> _Exercise aim_:
Scan the records and identify every line in which the string "Require" occurs, then return those lines.

> _Extracted information_:
Definition S_RL (f : R -> R) (m x lam th a b : R) : R :=
  (1 - lam) * rpow m (th - 1) * (rpow (x - a) th + rpow (b - x) th) / (b - a) * f (m * x)
  + lam * rpow m (th - 1) * (rpow (x - a) th * f (m * a) + rpow (b - x) th * f (m * b)) / (b - a)
  - Gamma (th + 1) / (m * (b - a))
      * (RL_left th f (m * a) (m * x) + RL_right th f (m * x) (m * b)).

Definition alpha_m_convex (alpha m : R) (K : R -> Prop) (g : R -> R) : Prop :=
  forall X Y t, K X -> K Y -> 0 <= t <= 1 -> K (t * X + m * (1 - t) * Y) ->
    g (t * X + m * (1 - t) * Y) <= rpow t alpha * g X + m * (1 - rpow t alpha) * g Y.

Definition is_interval (I : R -> Prop) : Prop :=
  forall x y z, I x -> I z -> x <= y <= z -> I y.

Definition Aconst1 (th lam : R) : R :=
  (2 * th * rpow lam (1 + 1 / th) + 1) / (th + 1) - lam.
Definition Aconst2 (alpha th lam : R) : R :=
  2 * th * rpow lam (1 + (1 + alpha) / th) / ((alpha + 1) * (alpha + th + 1))
  + 1 / (alpha + th + 1) - lam / (alpha + 1).
Definition Aconst3 (alpha th lam : R) : R := Aconst1 th lam - Aconst2 alpha th lam.

(* Put [mx = m * x].  After the substitutions [s = m a + (mx - m a) t]
   and [s = m b + (mx - m b) t], and [Gamma (th + 1) = th * Gamma th],
   [Gamma (th + 1)] times each Riemann-Liouville integral in [S_f] equals
   [|mx - mY|^th * L_Y] (Y = a, b), where
     L_Y = th * int_0^1 t^(th-1) f(mY + (mx - mY) t) dt;
   hence [S_f] is a combination of the two quantities
   [(1 - lam) f(mx) + lam f(mY) - L_Y].
   For a function [F] on [[0, 1]] with [|F'| <= H], comparing
   [(t^th - lam) F(t) - int_e^t th s^(th-1) F(s) ds] with primitives of
   [|t^th - lam| H] (no integrability of [F'] is needed) gives
     |(1 - lam) F(1) + lam F(0) - th int_0^1 t^(th-1) F| <= int_0^1 |t^th - lam| H.
   On a segment, (alpha, m)-convexity bounds [|f'|] by [H = |mx - mY| v^(1/q)]
   with [v t = t^alpha |f'(mx)|^q + m (1 - t^alpha) |f'(Y)|^q]; Hoelder's
   inequality against the weight [|t^th - lam|] and the explicit kernel integrals
   [int_0^1 |t^th - lam| t^alpha = A2] and [int_0^1 |t^th - lam| = A1] give the
   constants of the statement. *)

From Coquelicot Require Import Coquelicot.
From Stdlib Require Import Reals Lra Psatz Classical ClassicalEpsilon.
Open Scope R_scope.

Lemma Rpower_pos x y : 0 < Rpower x y.
Proof. apply exp_pos. Qed.

Lemma rpow_pos x y : 0 < x -> rpow x y = Rpower x y.
Proof. intros H; unfold rpow; destruct (Rlt_dec 0 x); [reflexivity|lra]. Qed.

Lemma rpow_0 x : rpow x 0 = 1.
Proof.
  unfold rpow; destruct (Rlt_dec 0 x); [now apply Rpower_O|].
  destruct (Req_EM_T 0 0); [reflexivity|congruence].
Qed.

Lemma rpow_0_l y : 0 < y -> rpow 0 y = 0.
Proof.
  intros Hy; unfold rpow; destruct (Rlt_dec 0 0); [lra|].
  destruct (Req_EM_T y 0); [lra|reflexivity].
Qed.

Lemma rpow_1 y : rpow 1 y = 1.
Proof. rewrite rpow_pos by lra; unfold Rpower; rewrite ln_1, Rmult_0_r; apply exp_0. Qed.

Lemma rpow_ge0 x y : 0 <= rpow x y.
Proof.
  unfold rpow; destruct (Rlt_dec 0 x); [left; apply Rpower_pos|].
  destruct (Req_EM_T y 0); lra.
Qed.

Lemma rpow_gt0 x y : 0 < x -> 0 < rpow x y.
Proof. intros; rewrite rpow_pos by auto; apply Rpower_pos. Qed.

Lemma rpow_1_r x : 0 <= x -> rpow x 1 = x.
Proof.
  intros Hx; destruct (Rle_lt_or_eq_dec _ _ Hx) as [H| <-].
  - rewrite rpow_pos by auto; now apply Rpower_1.
  - apply rpow_0_l; lra.
Qed.
(* Let $P_1,P_2\in\hat E_n$ both satisfy condition $A_1$. Then $P_1P_2$ satisfies condition $A_1$ and $\mathrm{ord}_\Gamma(P_1P_2)=\mathrm{ord}_\Gamma(P_1)+\mathrm{ord}_\Gamma(P_2)$.
   Context: Let $K$ be a field of characteristic $0$, $n\ge1$, $m\ge0$, $K_y:=K[[y_1,\dots,y_m]]$ ($K_y=K$ if $m=0$), $\hat R_y:=K_y[[x_1,\dots,x_n]]$ with maximal ideal $\mathfrak m=(y_1,\dots,y_m,x_1,\dots,x_n)$ and $\mathfrak m$-adic order $\upsilon$. Multi-index notation $\underline\partial^{\underline k}=\partial_1^{k_1}\cdots\partial_n^{k_n}$, $|\underline k|=\sum k_j$. For a formal series $P=\sum_{\underline k}a_{\underline k}\underline\partial^{\underline k}$ ($a_{\underline k}\in\hat R_y$) put $\mathbf{ord}(P)=\sup_{\underline k}(|\underline k|-\upsilon(a_{\underline k}))$, $\mathbf{ord}(0)=-\infty$; $\hat D_n^{sym}$ is the ring of such series with $\mathbf{ord}<\infty$ (multiplication by the Leibniz rule, $\partial_i=\partial/\partial x_i$, $y_j$ central), extending the ring of differential operators $D_n=\hat R_y[\partial_1,\dots,\partial_n]$. Let $\hat D_n^n\subset\hat D_n^{sym}$ be the subring of operators not involving $\partial_n$, and $\hat E_n:=\hat D_n^n((\partial_n^{-1}))$ the ring of series $\sum_{s\le l}p_s\partial_n^s$ ($p_s\in\hat D_n^n$) with multiplication given by $\partial_n^s a=\sum_{j\ge0}\binom{s}{j}\partial_n^j(a)\partial_n^{s-j}$; $\mathbf{ord}$ is defined on $\hat E_n$ by the same formula (now $k_n\in\mathbb Z$). $\Gamma$-order: for $1\le i\le n$ let $\hat D^{(i)}$ be the elements of $\hat D_n^{sym}$ not involving $\partial_{i+1},\dots,\partial_n$, and $\hat D^{(0)}=\hat R_y$; nonzero elements of $\hat D^{(0)}$ have empty $\Gamma$-order and are their own highest coefficient. A nonzero $P\in\hat D^{(i)}$ ($1\le i\le n-1$) has $\Gamma$-order $(k_1,\dots,k_i)$ if $P=\sum_{s=0}^{k_i}p_s\partial_i^s$ is a polynomial in $\partial_i$ with $p_s\in\hat D^{(i-1)}$, $p_{k_i}\neq0$, and $p_{k_i}$ has $\Gamma$-order $(k_1,\dots,k_{i-1})$; its highest coefficient is that of $p_{k_i}$. An element $P=\sum_{s\le k_n}p_s\partial_n^s\in\hat E_n$ with $p_{k_n}\ne0$ has $\mathrm{ord}_\Gamma(P)=(k_1,\dots,k_n)$ if $p_{k_n}$ has $\Gamma$-order $(k_1,\dots,k_{n-1})$; its highest coefficient is that of $p_{k_n}$, and $P$ is monic if this is $1$. ($\mathrm{ord}_\Gamma$ is only defined on some elements.) $|\mathrm{ord}_\Gamma(P)|:=k_1+\dots+k_n$. $P$ satisfies condition $A_1$ if $\mathrm{ord}_\Gamma(P)$ is defined and $\mathbf{ord}(P)\le|\mathrm{ord}_\Gamma(P)|$. *)

From HB Require Import structures.
From mathcomp Require Import all_boot all_order all_algebra.
From mathcomp Require Import boolp classical_sets fsbigop.
Set Implicit Arguments. Unset Strict Implicit. Unset Printing Implicit Defensive.
Import Order.TTheory GRing.Theory Num.Theory.
Local Open Scope ring_scope.

Definition mon (p : nat) := {ffun 'I_p -> nat}.
(* Index k of a differential monomial d_1^k_1 ... d_n^k_n, with k_j in Z
   (only k_n may be negative for elements of E_n). *)
Definition idx (n : nat) := {ffun 'I_n -> int}.

Section Defs.
Variables (K : fieldType) (m n : nat).

(* An element of \hat R_y = K[[y_1..y_m]][[x_1..x_n]]: its coefficient
   at y^beta x^alpha. *)
Definition series := mon m -> mon n -> K.
Definition zero_series : series := fun _ _ => 0.

(* A formal operator sum_k a_k d^k, given by its coefficient family. *)
Definition op := idx n -> series.
Definition zero_op : op := fun _ => zero_series.

Definition mdeg (p : nat) (b : mon p) : nat := \sum_(j < p) b j.
Definition tdeg (b : mon m) (a : mon n) : nat := (mdeg b + mdeg a)%N.
Definition idx_abs (k : idx n) : int := \sum_(j < n) k j.
Definition idx_add (k1 k2 : idx n) : idx n := [ffun j => k1 j + k2 j].

(* m-adic order upsilon of a nonzero series (value irrelevant for 0,
   which is only used through the nonzero case below). *)
Definition upsilon (a : series) : nat :=
  match pselect (exists d : nat, `[< exists b c, tdeg b c = d /\ a b c != 0 >]) with
  | left h => ex_minn h
  | right _ => 0%N
  end.

(* ord(P) <= N, where ord(P) = sup_k (|k| - upsilon(a_k)), with
   zero coefficients contributing -oo (so ord 0 = -oo). *)
Definition ord_le (P : op) (N : int) : Prop :=
  forall k : idx n, P k <> zero_series -> idx_abs k - (upsilon (P k))%:Z <= N.

(* coefficient of d_t^s in Q, as an operator not involving d_t *)
Definition coef_d (Q : op) (t : 'I_n) (s : int) : op :=
  fun l : idx n => if l t == 0 then Q [ffun j => if j == t then s else l j]
           else zero_series.

(* Membership in \hat E_n = \hat D_n^n((d_n^{-1})):
   - exponents of d_1..d_{n-1} are nonnegative,
   - exponents of d_n are bounded above,
   - every coefficient p_s of d_n^s lies in \hat D_n^n (finite ord). *)
Definition inE (P : op) : Prop :=
  [/\ forall (l : idx n) (t : 'I_n), (t < n.-1)%N -> l t < 0 -> P l = zero_series,
      exists L : int, forall (l : idx n) (t : 'I_n), val t = n.-1 -> L < l t ->
                         P l = zero_series
    & forall (t : 'I_n), val t = n.-1 -> forall s : int,
          exists N : int, ord_le (coef_d P t s) N].

(* Gamma-order, by recursion on the level i: Q in D^{(i)} has Gamma-order
   (k_1..k_i) if all coefficients of d_i^s with s > k_i vanish and the
   coefficient of d_i^{k_i} has Gamma-order (k_1..k_{i-1});
   at level 0 the element must be nonzero. *)
Fixpoint hasOrdG (i : nat) (Q : op) (k : idx n) : Prop :=
  match i with
  | 0 => Q <> zero_op
  | i'.+1 => forall t : 'I_n, val t = i' ->
       (forall s : int, k t < s -> coef_d Q t s = zero_op) /\
       hasOrdG i' (coef_d Q t (k t)) k
  end.
(** Factor both [a] and [b] through a bijection extending [a] on [A]. *)
Lemma act_agree m (z : X m) A (a b : 'I_m.+1 -> M) : (forall j, coinfinite (A j)) ->
  supported z A -> (forall j, agree (A j) (a j) (b j)) -> act a z = act b z.
Proof.
move=> coA zA ab; have /choice [d hd] := fun j => extend_bijective (a j) (coA j).
have through c : (forall j, agree (A j) (d j) (c j)) -> act c z = act d z.
  move=> dc; apply: (act_through zA) => j.
  have [s ds] := factor_injection (f := d j) (g := c j) (fun t => (hd j).2 (sval (c j) t)).
  by exists s; split => // t At; apply: (svalP (d j)); rewrite ds dc.
by rewrite (through a) ?(through b) // => j t At; rewrite (hd j).1 // ab.
Qed.

Lemma supported_meet m (z : X m) B B' : (forall j, coinfinite (B j)) ->
  (forall j, coinfinite (B' j)) -> supported z B -> supported z B' ->
  supported z (fun j t => B j t /\ B' j t).
Proof.
move=> coB coB' zB zB' u uBB'.
have /choice [w hw] : forall j, exists w : M * M * M, [/\ agree (B j) (u j) w.1.1,
    agree (B' j) w.1.1 w.1.2, agree (B j) w.1.2 w.2 & fixes (B' j) w.2].
  by move=> j; have [u1 [u2 [u3 ?]]] := agree_chain (coB j) (coB' j) (uBB' j); exists (u1, u2, u3).
transitivity (act (fun j => (w j).1.1) z); first by apply: (act_agree coB zB) => j; case: (hw j).
transitivity (act (fun j => (w j).1.2) z); first by apply: (act_agree coB' zB') => j; case: (hw j).
transitivity (act (fun j => (w j).2) z); first by apply: (act_agree coB zB) => j; case: (hw j).
by apply: zB' => j; case: (hw j).
Qed.

End Supports.

Section OperadicProduct.
Variable X : EMsSet.

Lemma prod_equiv_trans m (y1 y2 y3 : PreProd X m) :
  prod_equiv y1 y2 -> prod_equiv y2 y3 -> prod_equiv y1 y3.
Proof. exact: rst_trans. Qed.

Lemma prod_equiv_sym m (y1 y2 : PreProd X m) : prod_equiv y1 y2 -> prod_equiv y2 y1.
Proof. exact: rst_sym. Qed.

Lemma prod_equiv_act m (F : 'I_m.+1 -> Inj2) (u v : 'I_m.+1 -> M) (x : X m) :
  prod_equiv (F, act u x, tt) (fun j => comp_inj (F j) (coprod (u j) (v j)), x, tt).
Proof. by apply: rst_step; exists F, u, v, x. Qed.

Lemma star_module_mild : star_module X -> mild X.
Proof.
move=> sX n x k; have [[[F x'] []] <-] := (sX n).1 x.
exists (fun s => exists t, sval (F k) (ord0, t) = s); split.
  by apply: (@coinfinite_in_first_image (F k)).
move=> u uF; rewrite /Phi act_mul; apply: act_ext => j t /=; rewrite /incl.
by case: eqP => [->|//]; apply: uF; exists t.
Qed.

Lemma mild_Phi_onto : mild X -> forall m (x : X m), exists y : PreProd X m, Phi y = x.
Proof.
move=> mX m x; have [A [coA xA]] := mild_supported mX x.
have /choice [s sA] := fun j => exists_inj2_fixing (coA j).
by exists (s, x, tt); apply: xA.
Qed.

Lemma Phi_supported m (p : 'I_m.+1 -> Inj2) (z : X m) A : (forall j, coinfinite (A j)) ->
  supported z A ->
  supported (Phi (p, z, tt)) (fun j s => exists t, A j t /\ sval (p j) (ord0, t) = s).
Proof.
move=> coA zA u up; rewrite /Phi act_mul; apply: (act_agree coA zA) => j t At /=.
by apply: up; exists t.
Qed.

Lemma prod_equiv_normal m (p : 'I_m.+1 -> Inj2) (z : X m) A : (forall j, coinfinite (A j)) ->
  supported z A -> exists K : 'I_m.+1 -> Inj2, prod_equiv (p, z, tt) (K, Phi (p, z, tt), tt) /\
  forall j t, A j t -> sval (K j) (ord0, sval (p j) (ord0, t)) = sval (p j) (ord0, t).
Proof.
move=> coA zA; have /choice [s sA] := fun j => exists_inj2_fixing (coA j).
pose a j := comp_inj (s j) iota1; pose w j := comp_inj (comp_inj (p j) iota1) (a j).
have /choice [K Kw] := fun j => normal_form_vertex (p j) (s j).
exists K; split; last first.
  move=> j t At; have sAt : sval (s j) (ord0, t) = t := sA j t At.
  by have := congr1 (fun g => sval g (ord0, t)) (Kw j); rewrite /= /coprod_fun /= sAt.
have pa : prod_equiv (p, z, tt) (fun j => comp_inj (p j) (coprod (a j) idM), z, tt).
  by have := prod_equiv_act p a (fun=> idM) z; rewrite zA.
have Ka : prod_equiv (K, Phi (p, z, tt), tt) (fun j => comp_inj (p j) (coprod (a j) idM), z, tt).
  have -> : Phi (p, z, tt) = act w z by rewrite -act_mul zA.
  by rewrite -(functional_extensionality _ _ Kw); apply: prod_equiv_act.
exact: prod_equiv_trans pa (prod_equiv_sym Ka).
Qed.
(* Let $X$ be a compact metric space, $f:X\dashrightarrow X$ a continuous open-dense defined map and $0\ne\mu_0\in SM^+(X)$. 1) If $\mu$ is a weak cluster point of the Cesàro averages $\mu_n=\frac1n\sum_{j=0}^n(f_* )^j(\mu_0)$, then $f_*(\mu)\ge\mu$. 2) If $f_*(\mu_0)\le\mu_0$, then $(f_* )^n(\mu_0)$ converges weakly to some $\mu_\infty\in SM^+(X)$, and $\mu_\infty$ is the largest element of the (non-empty) set $\{\mu\in SM^+(X):\mu\le\mu_0,\ f_*(\mu)=\mu\}$. 3) If $f_*(\mu_0)\ge\mu_0$, then the set $\{\mu\in SM^+(X):\mu\ge\mu_0,\ f_*(\mu)=\mu\}$ is non-empty and has a smallest element.
   Context: Positive strong submeasure on $X$: a map $\mu:C^0(X)\to\mathbb{R}$ that is sub-linear ($\mu(\varphi_1+\varphi_2)\le\mu(\varphi_1)+\mu(\varphi_2)$, $\mu(\lambda\varphi)=\lambda\mu(\varphi)$ for $\lambda\ge0$), bounded ($|\mu(\varphi)|\le C\|\varphi\|_{L^\infty}$) and non-decreasing; $SM^+(X)$ is the set of these. $\mu\le\nu$ means $\mu(\varphi)\le\nu(\varphi)$ for all $\varphi$. Weak convergence: uniformly bounded norms and pointwise convergence on $C^0(X)$. A continuous open-dense defined map $f:X\dashrightarrow X$ is a continuous map $f:\mathrm{OpenDom}(f)\to X$ with $\mathrm{OpenDom}(f)$ open dense in $X$. For $\varphi\in C^0(X)$, $f^*(\varphi):=E(\varphi\circ f)$ where for bounded $g$ on an open dense $U$, $E(g)=g$ on $U$ and $E(g)(x)=\limsup_{y\in U,y\to x}g(y)$ off $U$. Pushforward: $f_*(\mu)(\varphi):=\inf\{\mu(\psi):\psi\in C^0(X),\ \psi\ge f^*(\varphi)\}$; $(f_* )^j$ denotes the $j$-fold iterate of the operator $f_*$. *)

From Stdlib Require Import Reals Classical ClassicalEpsilon.
Open Scope R_scope.

Record CompactMetricSpace := {
  cm_carrier :> Type;
  cm_dist : cm_carrier -> cm_carrier -> R;
  cm_dist_nonneg : forall x y, 0 <= cm_dist x y;
  cm_dist_eq0 : forall x y, cm_dist x y = 0 <-> x = y;
  cm_dist_sym : forall x y, cm_dist x y = cm_dist y x;
  cm_dist_tri : forall x y z, cm_dist x z <= cm_dist x y + cm_dist y z;
  cm_compact : forall u : nat -> cm_carrier,
      exists (s : nat -> nat) (l : cm_carrier),
        (forall n, (s n < s (S n))%nat) /\
        forall eps, eps > 0 -> exists N, forall n, (n >= N)%nat ->
          cm_dist (u (s n)) l < eps
}.

Section Defs.
Variable X : CompactMetricSpace.
Notation d := (cm_dist X).

Definition cont (phi : X -> R) : Prop :=
  forall x eps, eps > 0 -> exists delta, delta > 0 /\
    forall y, d x y < delta -> Rabs (phi y - phi x) < eps.

(** continuous open-dense defined maps  f : OpenDom(f) -> X ;
    represented by the domain U and a total function whose values
    outside U are irrelevant *)
Definition open_set (U : X -> Prop) : Prop :=
  forall x, U x -> exists r, r > 0 /\ forall y, d x y < r -> U y.
Definition dense_set (U : X -> Prop) : Prop :=
  forall x eps, eps > 0 -> exists y, U y /\ d x y < eps.
Definition cont_on (U : X -> Prop) (f : X -> X) : Prop :=
  forall x, U x -> forall eps, eps > 0 -> exists delta, delta > 0 /\
    forall y, U y -> d x y < delta -> d (f y) (f x) < eps.
Definition open_dense_map (U : X -> Prop) (f : X -> X) : Prop :=
  open_set U /\ dense_set U /\ cont_on U f.

(** sup / inf of a set of reals (meaningful when they exist) *)
Definition is_glb (E : R -> Prop) (l : R) : Prop :=
  (forall r, E r -> l <= r) /\ (forall b, (forall r, E r -> b <= r) -> b <= l).
Definition Rsup (E : R -> Prop) : R := epsilon (inhabits 0) (fun l => is_lub E l).
Definition Rinf (E : R -> Prop) : R := epsilon (inhabits 0) (fun l => is_glb E l).

Definition limsup_in (U : X -> Prop) (g : X -> R) (x : X) : R :=
  Rinf (fun s => exists delta, delta > 0 /\
          s = Rsup (fun r => exists y, U y /\ d y x < delta /\ r = g y)).
Definition extE (U : X -> Prop) (g : X -> R) : X -> R :=
  fun x => if excluded_middle_informative (U x) then g x else limsup_in U g x.

Definition pullback (U : X -> Prop) (f : X -> X) (phi : X -> R) : X -> R :=
  extE U (fun x => phi (f x)).

(** functionals on C^0(X): only values on continuous functions matter *)
Definition functional := (X -> R) -> R.

Definition pushforward (U : X -> Prop) (f : X -> X) (mu : functional) : functional :=
  fun phi => Rinf (fun r => exists psi, cont psi /\
                     (forall x, psi x >= pullback U f phi x) /\ r = mu psi).

(** |mu(phi)| <= C ||phi||_infty, written with an arbitrary bound M >= ||phi||_infty *)
Definition bounded_by (C : R) (mu : functional) : Prop :=
  forall phi, cont phi -> forall M, (forall x, Rabs (phi x) <= M) ->
    Rabs (mu phi) <= C * M.

Definition SMplus (mu : functional) : Prop :=
  (forall phi1 phi2, cont phi1 -> cont phi2 ->
      mu (fun x => phi1 x + phi2 x) <= mu phi1 + mu phi2) /\
  (forall lam phi, lam >= 0 -> cont phi -> mu (fun x => lam * phi x) = lam * mu phi) /\
  (exists C, bounded_by C mu) /\
  (forall phi1 phi2, cont phi1 -> cont phi2 -> (forall x, phi1 x <= phi2 x) ->
      mu phi1 <= mu phi2).

Definition mle (mu nu : functional) : Prop := forall phi, cont phi -> mu phi <= nu phi.
Definition meq (mu nu : functional) : Prop := forall phi, cont phi -> mu phi = nu phi.
Definition mnonzero (mu : functional) : Prop := exists phi, cont phi /\ mu phi <> 0.

Definition weak_conv (nu : nat -> functional) (mu : functional) : Prop :=
  (exists C, forall n, bounded_by C (nu n)) /\
  forall phi, cont phi -> Un_cv (fun n => nu n phi) (mu phi).

Definition weak_cluster (nu : nat -> functional) (mu : functional) : Prop :=
  exists s : nat -> nat, (forall n, (s n < s (S n))%nat) /\
    weak_conv (fun n => nu (s n)) mu.

Definition push_iter (U : X -> Prop) (f : X -> X) (j : nat) (mu : functional) : functional :=
  Nat.iter j (pushforward U f) mu.

Definition cesaro (U : X -> Prop) (f : X -> X) (mu0 : functional) (n : nat) : functional :=
  fun phi => (/ INR n) * sum_f_R0 (fun j => push_iter U f j mu0 phi) n.

End Defs.

(* The pushforward [f_*] is monotone and maps [SM^+(X)] into itself with the same
   bound, because the limsup extension [E] is monotone, subadditive and positively
   homogeneous. For 1), if [psi >= f^* phi] then [(f_* )^(j+1) mu0 phi <= (f_* )^j mu0 psi],
   so the Cesaro averages at [phi] and [psi] differ by a telescoping sum of order [1/n].
   For 2), the iterates decrease, hence converge pointwise to their infimum, which is
   [f_*]-invariant and dominates every fixed point below [mu0]. For 3), consider the
   submeasures [mu >= mu0] with [mu <= f_* mu] lying below every fixed point above [mu0]:
   their supremum [m] belongs to this family and so does [f_* m], hence [m = f_* m]. *)

From Stdlib Require Import Reals Classical ClassicalEpsilon.
From Stdlib Require Import Lra Lia FunctionalExtensionality.
Open Scope R_scope.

> _Result for this task_:
From Coquelicot Require Import Coquelicot.
From Stdlib Require Import Reals Lra Psatz Classical ClassicalEpsilon.
From HB Require Import structures.
From mathcomp Require Import all_boot all_order all_algebra.
From mathcomp Require Import boolp classical_sets fsbigop.
From Stdlib Require Import Reals Classical ClassicalEpsilon.
From Stdlib Require Import Reals Classical ClassicalEpsilon.
From Stdlib Require Import Lra Lia FunctionalExtensionality.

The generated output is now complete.